The hard way to Osh II

Day 13 – 12th August – Kazarman to Osh (268km)

The sun and the heat woke me up before the alarm clock rang – the sun here is already up before 6am – and the first thing I noticed was that I had slept soundly all night desite my back. I turned tentatively in bed, expecting the pain to be much worse now that the painkillers and adrenaline would have worn off and my body had had time to cool dow but, surprinsingly, the pain was about the same as the night before. I found out that, while I could not lift my arm any more than about 10 degrees from its resting postion while standing, if I grabbed it with my hand and moved with my other arm I could do a full rotation without pain, which gave me some hope that it might not be a fracture, otherwise I would be in a lot more pain.

I manage to strap my bag on the bike and put on all the gear without having to ask Katja for help, even though I had a serious distraction making things difficult for me.

We left and headed for what we expected to be a hard second half of the journey to Osh. Well, at least this time we were leaving early. We knew we had about another 160 kilometres of dirt road and a mountain pass before finding tarmac on the main road from Bishkek to Osh.

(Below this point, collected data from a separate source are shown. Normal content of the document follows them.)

Lemma pair_swap_in (A : nat -> Prop) (z : nat) : A z -> pair_swap A z = S z.
Proof. unfold pair_swap. destruct excluded_middle_informative; tauto. Qed.

Lemma pair_swap_succ (A : nat -> Prop) (w : nat) :
  ~ A (S w) -> A w -> pair_swap A (S w) = w.
Proof.
  unfold pair_swap. intros. do 2 (destruct excluded_middle_informative; try tauto).
Qed.

Lemma pair_swap_out (A : nat -> Prop) (z : nat) :
  ~ A z -> (forall w, z = S w -> ~ A w) -> pair_swap A z = z.
Proof.
  unfold pair_swap. intros Hz Hw. destruct excluded_middle_informative; [tauto|].
  destruct z as [|w]; auto. destruct excluded_middle_informative; auto.
  exfalso. apply (Hw w); auto.
Qed.

Lemma pair_swap_local (A B : nat -> Prop) (z : nat) :
  (A z <-> B z) -> (forall w, z = S w -> (A w <-> B w)) ->
  pair_swap A z = pair_swap B z.
Proof.
  intros Hz Hw. unfold pair_swap.
  destruct (excluded_middle_informative (A z)), (excluded_middle_informative (B z));
    try tauto.
  destruct z as [|w]; auto. specialize (Hw w eq_refl).
  destruct (excluded_middle_informative (A w)), (excluded_middle_informative (B w));
    tauto.
Qed.

(** For sparse A the swapped pairs are disjoint, hence an involution. *)
Lemma pair_swap_involutive (A : nat -> Prop) (z : nat) :
  sparse A -> pair_swap A (pair_swap A z) = z.
Proof.
  intros HA. destruct (classic (A z)) as [Az|Az].
  - rewrite (pair_swap_in A z Az). apply pair_swap_succ; [apply HA|]; auto.
  - destruct (classic (exists w, z = S w /\ A w)) as [[w [-> Aw]]|Hw].
    + rewrite (pair_swap_succ A w Az Aw). apply pair_swap_in; auto.
    + assert (Hw' : forall w, z = S w -> ~ A w) by eauto.
      rewrite (pair_swap_out A z) by auto. apply pair_swap_out; auto.
Qed.

Lemma pair_swap_ext (A B : nat -> Prop) (z : nat) :
  (forall w, A w <-> B w) -> pair_swap A z = pair_swap B z.
Proof. intros HAB. apply pair_swap_local; auto. Qed.

Lemma pair_swap_add (A : nat -> Prop) (c z : nat) :
  (forall w, A w -> S w < c \/ S c < w) ->
  pair_swap (fun w => A w \/ w = c) z = pair_swap A (adj_swap c z).
Proof.
  intros Hfar. unfold adj_swap.
  destruct (Nat.eqb_spec z c) as [->|Hzc].
  - rewrite pair_swap_in by auto. symmetry.
    apply pair_swap_out.
    + intros H. specialize (Hfar _ H). lia.
    + intros w [= <-] H. specialize (Hfar _ H). lia.
  - destruct (Nat.eqb_spec z (S c)) as [->|Hzc1].
    + assert (Hnot : ~ (A (S c) \/ S c = c)) by (intros [H|H]; [specialize (Hfar _ H)|]; lia).
      rewrite (pair_swap_succ _ c Hnot (or_intror eq_refl)). symmetry.
      apply pair_swap_out.
      * intros H. specialize (Hfar _ H). lia.
      * intros w -> H. specialize (Hfar _ H). lia.
    + apply pair_swap_local.
      * split; [intros [H|H]|]; auto; lia.
      * intros w ->. split; [intros [H|H]|]; auto; lia.
Qed.

Lemma adj_swap_pair_swap (c z : nat) : adj_swap c z = pair_swap (fun w => w = c) z.
Proof.
  transitivity (pair_swap (fun w => False \/ w = c) z).
  - rewrite pair_swap_add by tauto. symmetry. apply pair_swap_out; tauto.
  - apply pair_swap_ext. tauto.
Qed.

Definition gapped (a : nat -> nat) : Prop := forall n, S (a n) < a (S n).

Lemma prefix_comp_gapped (a : nat -> nat) (n z : nat) :
  gapped a -> prefix_comp a n z = pair_swap (fun w => exists k, k <= n /\ a k = w) z.
Proof.
  intros Ha. revert z. induction n as [|n IH]; intros z; simpl.
  - rewrite adj_swap_pair_swap. apply pair_swap_ext. intros w. split.
    + intros ->. eauto.
    + intros [k [Hk <-]]. f_equal. lia.
  - assert (Hfar : forall w, (exists k, k <= n /\ a k = w) -> S w < a (S n) \/ S (a (S n)) < w).
    { intros w [k [Hk <-]]. left.
      assert (Hmono : forall m, k <= m -> a k <= a m).
      { induction 1; [lia|]. specialize (Ha m). lia. }
      specialize (Hmono n Hk). specialize (Ha n). lia. }
    rewrite IH, <- (pair_swap_add _ _ _ Hfar). apply pair_swap_ext. intros w. split.
    + intros [[k [Hk <-]]| ->]; eauto.
    + intros [k [Hk <-]]. destruct (Nat.eq_dec k (S n)) as [->|Hkn]; auto.
      left. exists k. split; auto. lia.
Qed.

Lemma sigma_gapped (A : nat -> Prop) (a : nat -> nat) :
  gapped a -> (forall z, A z <-> exists n, a n = z) -> is_sigma A (pair_swap A).
Proof.
  intros Ha HA.
  assert (Hge : forall k, k <= a k).
  { induction k; [lia|]. specialize (Ha k). lia. }
  exists a. split; [split; auto; intros n; specialize (Ha n); lia|].
  intros z. exists z. intros n Hn. rewrite prefix_comp_gapped by exact Ha.
  (* a k <= z forces k <= n, so below z the prefix set and A agree *)
  assert (Hagree : forall w, w <= z -> ((exists k, k <= n /\ a k = w) <-> A w)).
  { intros w Hw. rewrite HA. split.
    - intros [k [_ <-]]. eauto.
    - intros [k <-]. exists k. split; auto. specialize (Hge k). lia. }
  apply pair_swap_local; [|intros w ->]; apply Hagree; lia.
Qed.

I was quite comfortable riding on the bike, and most of the time my back did not hurt. The climb up the mountain pass had a few tight turns with sand that I had to take with caution, and from time to time there would be huge trucks coming down the road and kicking so much dust in the narrow road that we just stopped near the edge and let them through, but in general I was able to enjoy the views.

About 40 kilometres before the main road we got to yet another small town and found tarmac. I was not getting my hopes up, as I had learned the hard way that the main stret is tarmac in every village, but it disappears the moment the village ends. However, this time we got lucky, and after ‘only’ 120 kilometres of dirt tracks we were finally on tarmac all the way to Osh.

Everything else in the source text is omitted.